Small business owners are still struggling to add workers. One-quarter of owners say labor quality was their top concern in December, according to the monthly job report by the National Federation of Independent Business (NFIB). Thirteen percent said labor costs were their top problem, up three points from November and a 48-year record high.
The labor shortage is holding back the small business economy, according to Bill Dukelberg, the NFIB’s chief economist. Owners are trying to keep their current employees and attract new ones for open positions, and a record number are raising pay in order to do both. Forty-eight percent reported increasing compensation, up four points from November and a 48-year record high. Thirty-two percent of owners plan to raise compensation in the next three months, unchanged from November’s high figure.
Forty-nine percent of small business owners reported job openings they were not able to fill in the current period.
Would you like to hire great people? According to Jay Goltz, author of The Street Smart Entrepreneur, you may be part of the problem. Entrepreneurs are often the worst people in any company to be doing the hiring for three reasons, he suggested.
One, entrepreneurs have an affinity for people – they like people. However, in the hiring process, they need some healthy skepticism about people.
Two, entrepreneurs are so ‘into’ their company and talking about it that they have trouble being quiet and listening to candidates.
Finally, Goltz says entrepreneurs really don’t have the time to be recruiting and reviewing job candidates: they have a lot more important tasks they should be doing.
There are techniques and technologies that small businesses can use to make the processes of finding and analyzing job candidates more data-driven.
However, the one sure way to do a lousy job at hiring employees is to have no method at all – flying by the seat of your pants.
Depending on what kind of job you’re trying to fill, you may be able to use social media to find candidates as well as LinkedIn and Facebook. Interview promising candidates several times; use a ‘scorecard’ and rank them based on the specific mission, outcomes and skills associated with the job.
Call the references – all of them. You should be asking five basic questions:
In what context did you work with the person?
What were the person’s strengths?
What were the person’s biggest areas of improvement?

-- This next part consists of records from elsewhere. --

(* Let $j,k$ be two settings. For each $i\in\{j,k\}$ suppose $Y^i = \theta^i D^i + f^i(X^i,A^i) + \varepsilon^i$ with $E[\varepsilon^i\mid D^i,X^i,A^i]=0$ (with $D^i$ a real-valued treatment, $X^i$ observed and $A^i$ unobserved covariates), let $\theta^i_s$ denote the short-regression parameter omitting $A^i$, and let $B^i = \theta^i_s - \theta^i$ be the omitted variable bias. Assume $B^i \in [\nu^i_l,\nu^i_u]$ for known constants $\nu^i_l\le\nu^i_u$, $i\in\{j,k\}$, and assume $B^j = \rho^{jk} B^k$ for some $\rho^{jk} \in [\rho^{jk}_l, \rho^{jk}_u]$ with known constants $0<\rho^{jk}_l\le 1$ and $\rho^{jk}_u \ge 1$. Let \[ \mathbb{C}^{jk} = \{(\rho^{jk}_l-1)\nu^k_l,\ (\rho^{jk}_u-1)\nu^k_l,\ (\rho^{jk}_l-1)\nu^k_u,\ (\rho^{jk}_u-1)\nu^k_u\}, \] $c^{jk}_l = \min \mathbb{C}^{jk}$, $c^{jk}_u = \max\mathbb{C}^{jk}$, and $\mathcal{I}^i = [\theta^i_s - \nu^i_u, \theta^i_s - \nu^i_l]$. Then the true pair $(\theta^j,\theta^k)$ belongs to \[ \mathcal{J}^{jk} = \{(\theta^j,\theta^k) : \theta^j\in\mathcal{I}^j,\ \theta^k\in\mathcal{I}^k,\ \theta^j-\theta^k \in \mathcal{I}^{jk}_D\}, \] where $\mathcal{I}^{jk}_D = [(\theta^j_s-\theta^k_s) - c^{jk}_u,\ (\theta^j_s-\theta^k_s) - c^{jk}_l]$.
   Context: For a setting $i$, the long parameter is $\theta^i = E[Y^i\alpha^i]$ with $\alpha^i = (D^i - E[D^i\mid X^i,A^i])/E[(D^i - E[D^i\mid X^i,A^i])^2]$, and the short parameter is $\theta^i_s = E[Y^i\alpha^i_s]$ with $\alpha^i_s = (D^i - E[D^i\mid X^i])/E[(D^i - E[D^i\mid X^i])^2]$. The omitted variable bias is $B^i = \theta^i_s - \theta^i$. *)

From Stdlib Require Import Reals.
Open Scope R_scope.

Definition ovb (theta_s theta : R) : R := theta_s - theta.

Definition c_low (rho_l rho_u nu_l nu_u : R) : R :=
  Rmin (Rmin ((rho_l - 1) * nu_l) ((rho_u - 1) * nu_l))
       (Rmin ((rho_l - 1) * nu_u) ((rho_u - 1) * nu_u)).
Definition c_up (rho_l rho_u nu_l nu_u : R) : R :=
  Rmax (Rmax ((rho_l - 1) * nu_l) ((rho_u - 1) * nu_l))
       (Rmax ((rho_l - 1) * nu_u) ((rho_u - 1) * nu_u)).

Definition I_set (theta_s nu_l nu_u : R) (t : R) : Prop :=
  theta_s - nu_u <= t <= theta_s - nu_l.

Definition ID_set (thj_s thk_s cl cu : R) (d : R) : Prop :=
  (thj_s - thk_s) - cu <= d <= (thj_s - thk_s) - cl.

Definition J_set (thj_s thk_s nuj_l nuj_u nuk_l nuk_u rho_l rho_u : R)
    (p : R * R) : Prop :=
  I_set thj_s nuj_l nuj_u (fst p) /\ I_set thk_s nuk_l nuk_u (snd p) /\
  ID_set thj_s thk_s (c_low rho_l rho_u nuk_l nuk_u) (c_up rho_l rho_u nuk_l nuk_u)
    (fst p - snd p).

(** Since [B^j = rho B^k], the difference of the biases is [B^j - B^k = (rho - 1) B^k].
    The product [(r - 1) b] is bilinear, so on the rectangle
    [[rho_l, rho_u] x [nu^k_l, nu^k_u]] it lies between its smallest and largest
    corner values [c^jk_l] and [c^jk_u]; and [theta^j - theta^k] is
    [(theta^j_s - theta^k_s) - (B^j - B^k)]. *)

From Stdlib Require Import Reals Lra Psatz.
Open Scope R_scope.

Lemma Rmin_le_compat (a b c d : R) : a <= b -> c <= d -> Rmin a c <= Rmin b d.
Proof.
  intros Hab Hcd.
  apply Rle_trans with (Rmin b c); [apply Rle_min_compat_r | apply Rle_min_compat_l]; assumption.
Qed.

Lemma Rmax_le_compat (a b c d : R) : a <= b -> c <= d -> Rmax a c <= Rmax b d.
Proof.
  intros Hab Hcd.
  apply Rle_trans with (Rmax b c); [apply Rle_max_compat_r | apply Rle_max_compat_l]; assumption.
Qed.

Lemma Rmult_r_between_endpoints (a b c x : R) :
  a <= x <= b -> Rmin (a * c) (b * c) <= x * c <= Rmax (a * c) (b * c).
Proof.
  intros Hx; unfold Rmin, Rmax.
  destruct (Rle_dec (a * c) (b * c)), (Rle_dec 0 c); nra.
Qed.

Lemma Rmult_l_between_endpoints (a b c x : R) :
  a <= x <= b -> Rmin (c * a) (c * b) <= c * x <= Rmax (c * a) (c * b).
Proof.
  rewrite !(Rmult_comm c).
  apply Rmult_r_between_endpoints.
Qed.

Lemma Rmult_between_corners (xl xu yl yu x y : R) :
  xl <= x <= xu -> yl <= y <= yu ->
  Rmin (Rmin (xl * yl) (xu * yl)) (Rmin (xl * yu) (xu * yu)) <= x * y <=
  Rmax (Rmax (xl * yl) (xu * yl)) (Rmax (xl * yu) (xu * yu)).
Proof.
  intros Hx Hy.
  destruct (Rmult_l_between_endpoints yl yu x y Hy) as [Hy_min Hy_max].
  destruct (Rmult_r_between_endpoints xl xu yl x Hx) as [Hl_min Hl_max].
  destruct (Rmult_r_between_endpoints xl xu yu x Hx) as [Hu_min Hu_max].
  split.
  - apply Rle_trans with (Rmin (x * yl) (x * yu)); auto using Rmin_le_compat.
  - apply Rle_trans with (Rmax (x * yl) (x * yu)); auto using Rmax_le_compat.
Qed.

Lemma ovb_diff (thj thk thj_s thk_s rho : R) :
  ovb thj_s thj = rho * ovb thk_s thk ->
  thj - thk = (thj_s - thk_s) - (rho - 1) * ovb thk_s thk.
Proof. unfold ovb; intros; lra. Qed.

Theorem proposition2
  (thj thk thj_s thk_s : R)
  (nuj_l nuj_u nuk_l nuk_u : R)
  (rho_l rho_u rho : R)
  (Hnuj : nuj_l <= nuj_u) (Hnuk : nuk_l <= nuk_u)
  (Hrho_l : 0 < rho_l <= 1) (Hrho_u : 1 <= rho_u)
  (HBj : nuj_l <= ovb thj_s thj <= nuj_u)
  (HBk : nuk_l <= ovb thk_s thk <= nuk_u)
  (Hrho : rho_l <= rho <= rho_u)
  (Hjk : ovb thj_s thj = rho * ovb thk_s thk) :
  J_set thj_s thk_s nuj_l nuj_u nuk_l nuk_u rho_l rho_u (thj, thk).
Proof.
  assert (Hshift : rho_l - 1 <= rho - 1 <= rho_u - 1) by lra.
  pose proof (Rmult_between_corners _ _ _ _ _ _ Hshift HBk) as Hbias.
  pose proof (ovb_diff thj thk thj_s thk_s rho Hjk) as Hdiff.
  unfold J_set, I_set, ID_set, c_low, c_up, ovb in *; simpl.
  repeat split; lra.
Qed.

How would you rate his/her overall performance in that job on a 1-10 scale? What about his or her performance causes you to give that rating?
The person mentioned that he/she struggled with ____ in that job. Can you tell me more about that?
Consider hiring the person as a probationary employee for one month. If they work out after one month, offer them a permanent job.
Don’t base hiring decisions on gut feel, warns Ann Rhoades, founder of PeopleInk, an HR consulting firm based in Albuquerque. The most important first step is figuring out the attitude you are looking for, not just the skill set, she said. “You need to figure out what behaviors you want.” And if you don’t know what those are, you and your management team may need to have a conversation about your company’s brand and culture.
Goltz identified key qualities to look for in interviews are honesty and passion to do a good job. The interviewer’s job is to ask skeptical follow-up questions to flush out the BS.